The posttranslational reversible acetylation on the ε-amino-group of lysines is an important switch in gene regulation and protein activity and has gained increasing interest in molecular biology and drug discovery in the last decade. One of the enzyme families that catalyze the cleavage of an acetyl group are the NAD+-dependent protein deacetylases, the sirtuins. The human sirtuins have seven members, Sirt1-7. Even though the biology of the sirtuins is far from being fully understood, there is already ample evidence that they may serve as future therapeutic targets. Their activity has especially been connected to processes in aging and hence, the field of potential applications for sirtuin modulators is very wide, ranging from neurodegenerative diseases to cancer to diabetes [1]. Some in vivo studies with sirtuin modulators, like the potential activator resveratrol or the inhibitor AGK2, show already great promise [2,3].

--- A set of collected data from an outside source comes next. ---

Theorem lemma4p1 (F : finFieldType) (C : {fset flag F}) (P1 P2 P3 : sub6 F) :
  indep_flags C -> bounded_mult C -> noncollinear P1 P2 P3 ->
  let q := #|F| in
  (((q + 1) * (6 * q ^ 6 + 10 * q ^ 5 + 17 * q ^ 4 + 15 * q ^ 3 + 15 * q ^ 2
              + 9 * q + 5) < #|` Delta P1 C|)%N ->
    exists f1 f2 f3, good_triple C P1 P2 P3 f1 f2 f3)
  /\
  (forall f1 f2 f3, good_triple C P1 P2 P3 f1 f2 f3 ->
    ((q + 1) * (6 * q ^ 6 + 10 * q ^ 5 + 17 * q ^ 4 + 18 * q ^ 3 + 15 * q ^ 2
                + 9 * q + 5) < #|` Delta P2 C|)%N ->
    exists g1 g2 g3, good_triple C P2 P1 P3 g1 g2 g3 /\
      (forall f g, f \in [:: f1; f2; f3] -> g \in [:: g1; g2; g3] ->
         (\dim (f.2 :&: g.2)%VS <= 2)%N)).
Proof.
move=> [flagsC _] multC ncol q; split=> [large | f1 f2 f3 tri large].
  have [|g1 [g2 [g3 [tri _]]]] := exists_good_triple (X := set0) flagsC multC ncol.
    apply: leq_ltn_trans large; rewrite cards0 addn0 addn1 leq_mul2l.
    by rewrite exclusion_bound_i ?orbT // (ltnW (q_gt1 F)).
  by exists g1, g2, g3.
have [[f1C f2C f3C] _ P2_off _] := tri.
have solid_f f : f \in [:: f1; f2; f3] -> \dim f.2 = 4 /\ ~~ (P2 <= f.2)%VS.
  move=> fi; split; last exact: (P2_off f fi).1.
  have fC : f \in C by move: fi; rewrite !inE => /or3P[] /eqP ->.
  by case/and3P: (flagsC f fC) => _ /eqP.
have [_ /eqP dP2 _ _] := ncol.
pose X := (\bigcup_(f <- [:: f1; f2; f3]) solids_meeting_in_plane P2 f.2)%SET.
have [|g1 [g2 [g3 [tri' far]]]] :=
    exists_good_triple (X := X) flagsC multC (noncollinearC ncol).
  apply: leq_ltn_trans large; rewrite addn1 leq_mul2l.
  apply/orP; right; apply: leq_trans (exclusion_bound_ii (q_gt1 F)); rewrite leq_add2l.
  apply: leq_trans (card_bigcup_seq _ _) _.
  rewrite big_seq (eq_bigr (fun=> gauss_4_1 q)) => [|f fi]; last first.
    by have [dS PS] := solid_f f fi; rewrite card_solids_meeting_in_plane.
  by rewrite -big_seq !big_cons big_nil /q; lia.
exists g1, g2, g3; split=> // f g fi gi.
have [[g1C g2C g3C] _ _ _] := tri'; have [gX PE] := far g gi.
have /and3P[_ /eqP dS' ES'] : is_flag23 g.
  by apply: flagsC; move: gi; rewrite !inE => /or3P[] /eqP ->.
apply: dim_cap_solids_le2 dP2 dS' (solid_f f fi).2 (subv_trans PE ES') _.
by apply: contra gX => gS; rewrite /X bigcup_seq; apply/bigcupP; exists f.
Qed.
(* No integrability is needed: [fine] maps a non-finite integral to [0]. *)
Lemma Gclass_pairing_ge0 g h : G g -> F h -> 0 <= \int[mu]_x (h x * g x).
Proof. by case=> _ /[apply]; exact: fine_ge0. Qed.

Lemma measure_cballC_le beta A r s c : tail_function beta ->
  measurable A -> A `<=` ~` B r -> 0 < s -> 0 <= c ->
  (forall a, r <= a -> fine (mu (~` B a)) <= c * beta a) ->
  fine (mu (A `&` ~` B s)) <= c * beta s.
Proof.
case=> beta_le _ _ mA Ar s_gt0 c0 hc.
have r_le : r <= Num.max r s by rewrite le_max lexx.
have s_le : s <= Num.max r s by rewrite le_max lexx orbT.
apply: le_trans (fine_measure_le mu _ _ (_ : _ `<=` ~` B (Num.max r s))) _.
- exact: measurableI.
- exact: measurable_cballC.
- by move=> x [/Ar + +]; rewrite /setC /cball /= le_max => ? ? /orP[].
apply: le_trans (hc _ r_le) _; rewrite ler_wpM2l// beta_le//.
Qed.

Lemma Fclass_indic A : measurable A -> A `<=` B m1 -> F (\1_A).
Proof.
move=> mA AB; apply: (Fclass_bounded (K := 1)).
- exact: measurable_indic.
- by move=> x; rewrite ger0_norm ?indic_ge0 ?indic_le1.
- by move=> x _; exact: indic_ge0.
- move=> r m1r; rewrite Rintegral_eq0 => [|x Brx]; last first.
    by rewrite ge0_fposE ?indic_ge0// indicE memNset// => /AB/(cball_le m1r).
  by rewrite mulr_ge0 ?alpha_ge0 ?Rintegral_ge0// => x _; exact: indic_ge0.
- move=> r m2r; rewrite Rintegral_eq0 => [|x _]; last by rewrite ge0_fnegE ?indic_ge0.
  have m1r := le_trans m1_le_m2 m2r.
  by rewrite mulr_ge0 ?alphat_ge0 ?Rintegral_ge0// => x _; exact: indic_ge0.
Qed.

Lemma Fclass_cball_addr_indic A r t c : measurable A -> A `<=` ~` B r -> m1 <= r ->
  0 <= t -> 0 <= c -> t * c <= p ->
  (forall a, r <= a -> fine (mu (~` B a)) <= c * alpha a) ->
  F (fun x => \1_(B m1) x + t * \1_A x).
Proof.
move=> mA Ar m1r t0 c0 tcp hc; set h := fun x => _.
have h_ge0 x : 0 <= h x by rewrite addr_ge0 ?mulr_ge0 ?indic_ge0.
have int_h : p <= \int[mu]_x h x.
  rewrite RintegralD ?RintegralZl ?Rintegral_indic ?setIT//; last 3 first.
  - exact: integrable_indic.
  - exact: integrable_indic.
  - exact/integrableZl_EFin/integrable_indic.
  by rewrite lerDl mulr_ge0// fine_ge0.
apply: (Fclass_bounded (K := 1 + t)).
- apply: measurable_funD; [|apply: measurable_funM] => //; exact: measurable_indic.
- move=> x; rewrite ger0_norm// lerD ?indic_le1// ler_piMr ?indic_le1//.
- by move=> x _.
- move=> s m1s; have s_gt0 := lt_le_trans m1_gt0 m1s.
  rewrite (eq_Rintegral mu (g := fun x => t * \1_A x)) => [|x /[!inE] Bsx]; last first.
    by rewrite ge0_fposE// /h (indic_cball_out m1s Bsx) add0r.
  rewrite RintegralZl ?Rintegral_indic//; last exact: integrableS (integrable_indic _ mA).
  have := measure_cballC_le tail_alpha mA Ar s_gt0 c0 hc.
  have := alpha_ge0 m1s; have := fine_ge0 (measure_ge0 mu (A `&` ~` B s)); nra.
- move=> s m2s; rewrite Rintegral_eq0 => [|x _]; last by rewrite ge0_fnegE.
  by rewrite mulr_ge0 ?alphat_ge0 ?(le_trans m1_le_m2)// (le_trans (ltW p_gt0)).
Qed.
(* Let $V_0,V_1,V'_1,V'_2,V'_3,\ldots$ be vector bundles and let $$V_0\xrightarrow{K'_0}V'_1\xrightarrow{K'_1}V'_2\xrightarrow{K'_2}V'_3\xrightarrow{K'_3}V'_4\xrightarrow{K'_4}\cdots$$ be a full compatibility complex of differential operators. Let $K_0\colon V_0\to V_1$, $C_1\colon V_1\to V'_1$, $D_1\colon V'_1\to V_1$, $H'_1\colon V'_2\to V'_1$ be differential operators such that $C_1\circ K_0=K'_0$, $D_1\circ K'_0=K_0$ (i.e. the first square with $C_0=D_0=\mathrm{id}$, $H_0=H'_0=0$ is an equivalence up to homotopy), and $$\mathrm{id}-C_1\circ D_1=H'_1\circ K'_1 .$$ Define $K_1\colon V_1\to V_1\oplus V'_2$, $K_1=\bigl(\mathrm{id}-D_1C_1,\ K'_1C_1\bigr)$; $K_2\colon V_1\oplus V'_2\to V'_1\oplus V'_3$, $K_2(x,y)=\bigl(C_1x-H'_1y,\ K'_2y\bigr)$; $K_3\colon V'_1\oplus V'_3\to V'_4$, $K_3(x,y)=K'_3y$; and $K_l=K'_l\colon V'_l\to V'_{l+1}$ for $l\ge4$. Then $K_0,K_1,K_2,\ldots$ is a full compatibility complex for $K_0$. Moreover, together with the vertical maps $C_0=D_0=\mathrm{id}$, $C_1$, $D_1$, $C_2=(0\ \mathrm{id})\colon V_1\oplus V'_2\to V'_2$, $D_2=\bigl(D_1H'_1,\ \mathrm{id}-K'_1H'_1\bigr)\colon V'_2\to V_1\oplus V'_2$, $C_3=(0\ \mathrm{id})\colon V'_1\oplus V'_3\to V'_3$, $D_3=(0,\mathrm{id})\colon V'_3\to V'_1\oplus V'_3$, $C_l=D_l=\mathrm{id}$ for $l\ge4$, and homotopies $H_0=H'_0=0$, $H_1=(\mathrm{id}\ 0)\colon V_1\oplus V'_2\to V_1$, $H'_1$ as given, $H_2(x,y)=(D_1x,\,-K'_1x)\colon V'_1\oplus V'_3\to V_1\oplus V'_2$, $H'_2=0$, and $H_l=H'_l=0$ for $l\ge3$, the top complex $(K_l)$ and the bottom complex $(K'_l)$ are equivalent up to homotopy.
   Context: For a linear differential operator $K$, a differential operator $L$ with $L\circ K=0$ is a compatibility operator for $K$; it is complete if every differential operator $L'$ with $L'\circ K=0$ factors as $L'=L''\circ L$ for some differential operator $L''$. A complex of differential operators $K_l$, $l=0,1,\ldots$, is a (full) compatibility complex for $K$ if $K_0=K$ and each $K_l$ ($l\ge1$) is a complete compatibility operator for $K_{l-1}$. Given complexes $(K_l)$ and $(K'_l)$ (with $K_{-1}=K'_{-1}=H_{-1}=H'_{-1}=0$), an equivalence up to homotopy consists of maps $C_l$ (top to bottom) and $D_l$ (bottom to top) that are cochain maps ($K'_l C_l=C_{l+1}K_l$, $K_lD_l=D_{l+1}K'_l$) together with maps $H_l$ (from degree $l+1$ to degree $l$ of the top complex) and $H'_l$ (same for the bottom complex) such that $D_lC_l=\mathrm{id}-K_{l-1}H_{l-1}-H_lK_l$ and $C_lD_l=\mathrm{id}-K'_{l-1}H'_{l-1}-H'_lK'_l$ for all $l$. *)

(* Abstract setting: the category whose objects are vector
   bundles and whose morphisms are (linear) differential operators is a
   preadditive category (morphisms form abelian groups, composition is
   bilinear) with biproducts (direct sums of bundles). The statement only
   uses this structure, so we state it for an arbitrary such category. *)
From mathcomp Require Import all_boot all_order all_algebra.
Set Implicit Arguments. Unset Strict Implicit. Unset Printing Implicit Defensive.
Import GRing.Theory.
Local Open Scope ring_scope.

Record addCat := AddCat {
  Obj :> Type;
  Mor : Obj -> Obj -> zmodType;
  comp : forall A B C : Obj, Mor B C -> Mor A B -> Mor A C;
  idm : forall A : Obj, Mor A A;
  compA : forall A B C D (h : Mor C D) (g : Mor B C) (f : Mor A B),
      comp h (comp g f) = comp (comp h g) f;
  comp1m : forall A B (f : Mor A B), comp (idm B) f = f;
  compm1 : forall A B (f : Mor A B), comp f (idm A) = f;
  compDl : forall A B C (g1 g2 : Mor B C) (f : Mor A B),
      comp (g1 + g2) f = comp g1 f + comp g2 f;
  compDr : forall A B C (g : Mor B C) (f1 f2 : Mor A B),
      comp g (f1 + f2) = comp g f1 + comp g f2;
  oplus : Obj -> Obj -> Obj;
  inl : forall A B, Mor A (oplus A B);
  inr : forall A B, Mor B (oplus A B);
  pl : forall A B, Mor (oplus A B) A;
  pr : forall A B, Mor (oplus A B) B;
  pl_inl : forall A B, comp (pl A B) (inl A B) = idm A;
  pr_inr : forall A B, comp (pr A B) (inr A B) = idm B;
  pl_inr : forall A B, comp (pl A B) (inr A B) = 0;
  pr_inl : forall A B, comp (pr A B) (inl A B) = 0;
  inlpl_inrpr : forall A B,
      comp (inl A B) (pl A B) + comp (inr A B) (pr A B) = idm (oplus A B)
}.

Arguments comp {_ A B C}.
Arguments idm {_ A}.
Arguments inl {_ A B}.
Arguments inr {_ A B}.
Arguments pl {_ A B}.
Arguments pr {_ A B}.
Notation "g ⊚ f" := (comp g f) (at level 40, left associativity).

Section Defs.
Variable Cat : addCat.

Definition compat_op {A B E : Cat} (L : Mor B E) (K : Mor A B) : Prop :=
  L ⊚ K = 0.

Definition complete_compat {A B E : Cat} (L : Mor B E) (K : Mor A B) : Prop :=
  compat_op L K /\
  forall (F : Cat) (L' : Mor B F), L' ⊚ K = 0 -> exists L'' : Mor E F, L' = L'' ⊚ L.

Definition full_compat_complex (X : nat -> Cat) (K : forall l, Mor (X l) (X l.+1))
  (K0 : Mor (X 0) (X 1)) : Prop :=
  K 0 = K0 /\ forall l, complete_compat (K l.+1) (K l).

(* K_{l-1} H_{l-1}, with the convention K_{-1} = H_{-1} = 0 *)
Definition KHprev (X : nat -> Cat) (K : forall l, Mor (X l) (X l.+1))
  (H : forall l, Mor (X l.+1) (X l)) (l : nat) : Mor (X l) (X l) :=
  match l return Mor (X l) (X l) with
  | 0 => 0
  | n.+1 => K n ⊚ H n
  end.

Definition homotopy_equiv (X Y : nat -> Cat)
  (K : forall l, Mor (X l) (X l.+1)) (K' : forall l, Mor (Y l) (Y l.+1))
  (C : forall l, Mor (X l) (Y l)) (D : forall l, Mor (Y l) (X l))
  (H : forall l, Mor (X l.+1) (X l)) (H' : forall l, Mor (Y l.+1) (Y l)) : Prop :=
  (forall l, K' l ⊚ C l = C l.+1 ⊚ K l) /\
  (forall l, K l ⊚ D l = D l.+1 ⊚ K' l) /\
  (forall l, D l ⊚ C l = idm - KHprev K H l - H l ⊚ K l) /\
  (forall l, C l ⊚ D l = idm - KHprev K' H' l - H' l ⊚ K' l).

Variables (V' : nat -> Cat) (V1 : Cat).
(* V_0 is V' 0 (the source of K'_0). *)
Definition Wobj (l : nat) : Cat :=
  match l with
  | 0 => V' 0
  | 1 => V1
  | 2 => oplus V1 (V' 2)
  | 3 => oplus (V' 1) (V' 3)
  | n.+4 => V' n.+4
  end.

Variables (K' : forall l, Mor (V' l) (V' l.+1)) (K0 : Mor (V' 0) V1)
  (C1 : Mor V1 (V' 1)) (D1 : Mor (V' 1) V1) (H1' : Mor (V' 2) (V' 1)).

Definition Ktop (l : nat) : Mor (Wobj l) (Wobj l.+1) :=
  match l return Mor (Wobj l) (Wobj l.+1) with
  | 0 => K0
  | 1 => inl ⊚ (idm - D1 ⊚ C1) + inr ⊚ (K' 1 ⊚ C1)
  | 2 => inl ⊚ (C1 ⊚ pl - H1' ⊚ pr) + inr ⊚ (K' 2 ⊚ pr)
  | 3 => K' 3 ⊚ pr
  | n.+4 => K' n.+4
  end.

Definition Cmap (l : nat) : Mor (Wobj l) (V' l) :=
  match l return Mor (Wobj l) (V' l) with
  | 0 => idm
  | 1 => C1
  | 2 => pr
  | 3 => pr
  | n.+4 => idm
  end.

Definition Dmap (l : nat) : Mor (V' l) (Wobj l) :=
  match l return Mor (V' l) (Wobj l) with
  | 0 => idm
  | 1 => D1
  | 2 => inl ⊚ (D1 ⊚ H1') + inr ⊚ (idm - K' 1 ⊚ H1')
  | 3 => inr
  | n.+4 => idm
  end.

Definition Hmap (l : nat) : Mor (Wobj l.+1) (Wobj l) :=
  match l return Mor (Wobj l.+1) (Wobj l) with
  | 0 => 0
  | 1 => pl
  | 2 => inl ⊚ (D1 ⊚ pl) - inr ⊚ (K' 1 ⊚ pl)
  | n.+3 => 0
  end.

Definition H'map (l : nat) : Mor (V' l.+1) (V' l) :=
  match l return Mor (V' l.+1) (V' l) with
  | 1 => H1'
  | _ => 0
  end.

End Defs.

(* Completeness of compatibility operators transfers along an equivalence up to
   homotopy: if [L K_l = 0], then [L D_(l+1)] is killed by [K'_l], hence equals
   [M K'_(l+1)], and [id = D C + K H + H K] in degree [l+1] gives
   [L = (M C_(l+2) + L H_(l+1)) K_(l+1)].  So it only remains to check that the top
   sequence is a complex and that the given maps form an equivalence up to homotopy;
   componentwise on the biproducts these are short computations, all driven by
   [id - C_1 D_1 = H'_1 K'_1] and [K'_(l+1) K'_l = 0]. *)

From Pilot Require Import Defs.
From mathcomp Require Import all_boot all_order all_algebra.
Import GRing.Theory.
Local Open Scope ring_scope.

Set Implicit Arguments.
Unset Strict Implicit.
Unset Printing Implicit Defensive.

Section Preadditive.
Variable Cat : addCat.
Implicit Types A B X : Cat.

Lemma comp0m A B X (f : Mor A B) : (0 : Mor B X) ⊚ f = 0.
Proof. by apply: (addrI (0 ⊚ f)); rewrite -compDl !addr0. Qed.

Lemma compm0 A B X (g : Mor B X) : g ⊚ (0 : Mor A B) = 0.
Proof. by apply: (addrI (g ⊚ 0)); rewrite -compDr !addr0. Qed.

Lemma compNm A B X (g : Mor B X) (f : Mor A B) : (- g) ⊚ f = - (g ⊚ f).
Proof. by apply/eqP; rewrite -addr_eq0 -compDl addNr comp0m. Qed.

Lemma compmN A B X (g : Mor B X) (f : Mor A B) : g ⊚ (- f) = - (g ⊚ f).
Proof. by apply/eqP; rewrite -addr_eq0 -compDr addNr compm0. Qed.

Lemma oplus_codom_ext A B X (f g : Mor X (oplus A B)) :
  pl ⊚ f = pl ⊚ g -> pr ⊚ f = pr ⊚ g -> f = g.
Proof.
by move=> el er; rewrite -[f]comp1m -[g]comp1m -inlpl_inrpr !compDl -!Defs.compA el er.
Qed.

Lemma oplus_dom_ext A B X (f g : Mor (oplus A B) X) :
  f ⊚ inl = g ⊚ inl -> f ⊚ inr = g ⊚ inr -> f = g.
Proof.
by move=> el er; rewrite -[f]compm1 -[g]compm1 -inlpl_inrpr !compDr !Defs.compA el er.
Qed.

Lemma compAeq A B X (g : Mor B X) (f : Mor A B) (h : Mor A X) :
  g ⊚ f = h -> forall Z (k : Mor Z A), g ⊚ (f ⊚ k) = h ⊚ k.
Proof. by move=> <- Z k; rewrite Defs.compA. Qed.

Lemma pl_inlK A B X (f : Mor X A) : pl ⊚ (@inl _ A B ⊚ f) = f.
Proof. by rewrite Defs.compA pl_inl comp1m. Qed.

Lemma pr_inrK A B X (f : Mor X B) : pr ⊚ (@inr _ A B ⊚ f) = f.
Proof. by rewrite Defs.compA pr_inr comp1m. Qed.

Lemma pl_inrK A B X (f : Mor X B) : pl ⊚ (@inr _ A B ⊚ f) = 0.
Proof. by rewrite Defs.compA pl_inr comp0m. Qed.

Lemma pr_inlK A B X (f : Mor X A) : pr ⊚ (@inl _ A B ⊚ f) = 0.
Proof. by rewrite Defs.compA pr_inl comp0m. Qed.

End Preadditive.

Ltac comp_simpl := repeat progress rewrite
  -?Defs.compA ?compDl ?compDr ?compNm ?compmN ?comp0m ?compm0 ?comp1m ?compm1
  ?pl_inl ?pr_inr ?pl_inr ?pr_inl ?pl_inlK ?pr_inrK ?pl_inrK ?pr_inlK
  ?oppr0 ?opprK ?addr0 ?add0r.

Section HomotopyTransfer.
Variables (Cat : addCat) (X Y : nat -> Cat).
Variables (K : forall l, Mor (X l) (X l.+1)) (K' : forall l, Mor (Y l) (Y l.+1)).
Variables (C : forall l, Mor (X l) (Y l)) (D : forall l, Mor (Y l) (X l)).
Variables (H : forall l, Mor (X l.+1) (X l)) (H' : forall l, Mor (Y l.+1) (Y l)).
Hypothesis KK : forall l, K l.+1 ⊚ K l = 0.
Hypothesis KK'_equiv : homotopy_equiv K K' C D H H'.

Lemma complete_compat_homotopy l :
  complete_compat (K' l.+1) (K' l) -> complete_compat (K l.+1) (K l).
Proof.
case: KK'_equiv => [CK [DK [DC _]]] [_ K'complete].
split=> [|F L LK]; first exact: KK.
have LDK' : (L ⊚ D l.+1) ⊚ K' l = 0 by rewrite -Defs.compA -DK Defs.compA LK comp0m.
have [M LD] := K'complete F _ LDK'.
have L_split : L = L ⊚ D l.+1 ⊚ C l.+1 + L ⊚ H l.+1 ⊚ K l.+1.
  by rewrite -Defs.compA DC /= !compDr !compmN compm1 Defs.compA LK comp0m subr0 Defs.compA subrK.
exists (M ⊚ C l.+2 + L ⊚ H l.+1).
by rewrite {1}L_split LD -[M ⊚ _ ⊚ _]Defs.compA CK Defs.compA compDl.
Qed.

Lemma full_compat_complex_homotopy K'0 :
  full_compat_complex K' K'0 -> full_compat_complex K (K 0).
Proof. by case=> _ K'complete; split=> // l; exact: complete_compat_homotopy. Qed.

End HomotopyTransfer.

Section Construction.
Variables (Cat : addCat) (V' : nat -> Cat) (V1 : Cat).
Variables (K' : forall l, Mor (V' l) (V' l.+1)) (K0 : Mor (V' 0) V1)
  (C1 : Mor V1 (V' 1)) (D1 : Mor (V' 1) V1) (H1' : Mor (V' 2) (V' 1)).
Hypothesis K'K' : forall l, K' l.+1 ⊚ K' l = 0.
Hypothesis C1K0 : C1 ⊚ K0 = K' 0.
Hypothesis D1K'0 : D1 ⊚ K' 0 = K0.
Hypothesis C1D1_homotopy : idm - C1 ⊚ D1 = H1' ⊚ K' 1.

Local Notation K := (Ktop K' K0 C1 D1 H1').
Local Notation C := (Cmap C1).
Local Notation D := (Dmap K' D1 H1').
Local Notation H := (Hmap K' D1).
Local Notation H' := (H'map H1').

Lemma Ktop_complex l : K l.+1 ⊚ K l = 0.
Proof.
case: l => [|[|[|[|n]]]] /=; try apply: oplus_codom_ext; comp_simpl.
- by rewrite C1K0 D1K'0 subrr.
- by rewrite C1K0 K'K'.
- by rewrite (compAeq (esym C1D1_homotopy)); comp_simpl; rewrite subrr.
- by rewrite (compAeq (K'K' 1)) comp0m.
- by rewrite (compAeq (K'K' 2)) comp0m.
- by rewrite (compAeq (K'K' 3)) comp0m.
- exact: K'K'.
Qed.

Lemma Cmap_chain l : K' l ⊚ C l = C l.+1 ⊚ K l.
Proof. by case: l => [|[|[|[|n]]]] /=; comp_simpl; rewrite ?C1K0. Qed.

Lemma Dmap_chain l : K l ⊚ D l = D l.+1 ⊚ K' l.
Proof.
case: l => [|[|[|[|n]]]] /=; try apply: oplus_codom_ext; comp_simpl => //.
- by rewrite -C1D1_homotopy; comp_simpl.
- by rewrite -C1D1_homotopy; comp_simpl; rewrite subKr.
- by rewrite (compAeq (esym C1D1_homotopy)); comp_simpl; rewrite addKr subrr.
- by rewrite (compAeq (K'K' 1)) comp0m subr0.
Qed.

Lemma DC_homotopy l : D l ⊚ C l = idm - KHprev K H l - H l ⊚ K l.
Proof.
case: l => [|[|[|[|n]]]] /=;
  try (apply: oplus_codom_ext; apply: oplus_dom_ext); comp_simpl => //.
- by rewrite subKr.
- by rewrite subKr subrr.
- by rewrite addNr.
- by rewrite -C1D1_homotopy subrKC subrr.
Qed.

Lemma CD_homotopy l : C l ⊚ D l = idm - KHprev K' H' l - H' l ⊚ K' l.
Proof. by case: l => [|[|[|[|n]]]] /=; comp_simpl; rewrite // -C1D1_homotopy subKr. Qed.

Lemma Ktop_homotopy_equiv : homotopy_equiv K K' C D H H'.
Proof. exact: (conj Cmap_chain (conj Dmap_chain (conj DC_homotopy CD_homotopy))). Qed.

End Construction.

Theorem lemma5p2 (Cat : addCat) (V' : nat -> Cat) (V1 : Cat)
  (K' : forall l, Mor (V' l) (V' l.+1)) (K0 : Mor (V' 0) V1)
  (C1 : Mor V1 (V' 1)) (D1 : Mor (V' 1) V1) (H1' : Mor (V' 2) (V' 1)) :
  @full_compat_complex Cat V' K' (K' 0) ->
  C1 ⊚ K0 = K' 0 ->
  D1 ⊚ K' 0 = K0 ->
  idm - C1 ⊚ D1 = H1' ⊚ K' 1 ->
  full_compat_complex (@Ktop Cat V' V1 K' K0 C1 D1 H1') K0 /\
  homotopy_equiv (@Ktop Cat V' V1 K' K0 C1 D1 H1') K'
    (@Cmap Cat V' V1 C1) (@Dmap Cat V' V1 K' D1 H1') (@Hmap Cat V' V1 K' D1)
    (@H'map Cat V' H1').
Proof.
move=> K'full C1K0 D1K'0 C1D1_homotopy.
have K'K' l : K' l.+1 ⊚ K' l = 0 by case: K'full => _ /(_ l) [].
have equiv := Ktop_homotopy_equiv K'K' C1K0 D1K'0 C1D1_homotopy.
split; last exact: equiv.
exact: (full_compat_complex_homotopy (Ktop_complex K'K' C1K0 D1K'0 C1D1_homotopy) equiv K'full).
Qed.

Several classes of sirtuin inhibitors with diverse chemical scaffolds have been published so far, but there is lack of highly specific inhibitors for only one of the seven sirtuin isoforms. Often only Sirt1 and 2 have been tested [4]. This lack of specific inhibitors may be partly because of the lack of high-resolution sirtuin-inhibitor x-ray structures but also due to the fact that the binding of the substrate is accompanied by a structural reshuffling of the substrate pocket [5]. Sirtuin isoforms are located in different cellular compartments and permeability of the compartment's membrane for the inhibitor may be a limiting factor, especially for the mitochondrial sirtuins Sirt3-5. For a selective inhibition of nuclear and cytoplasmatic sirtuins (Sirt1-2, 6-7) this might actually be favorable. Schlicker et al. now used virtual screening and docking methods [6], an approach that has already been successfully applied for the discovery of other sirtuin inhibitors [7], to identify new isoform-specific inhibitors. Two of the newly identified lead structures for the Sirt2-specific inhibitors contain a steroid scaffold and one of them is an ester of estradiol. The steroid scaffold brings along potential disadvantages due to possible interactions with steroid receptors.As there is ample knowledge in the literaure on modifications of the steroid scaffold, this could be used to eliminate such undesired side effects in further steroid-type sirtuin inhibitors. Besides the inhibition in vitro, the authors also showed the isoform-specific inhibition of Sirt2 in cell lysates as a more physiological environment but not in living cells.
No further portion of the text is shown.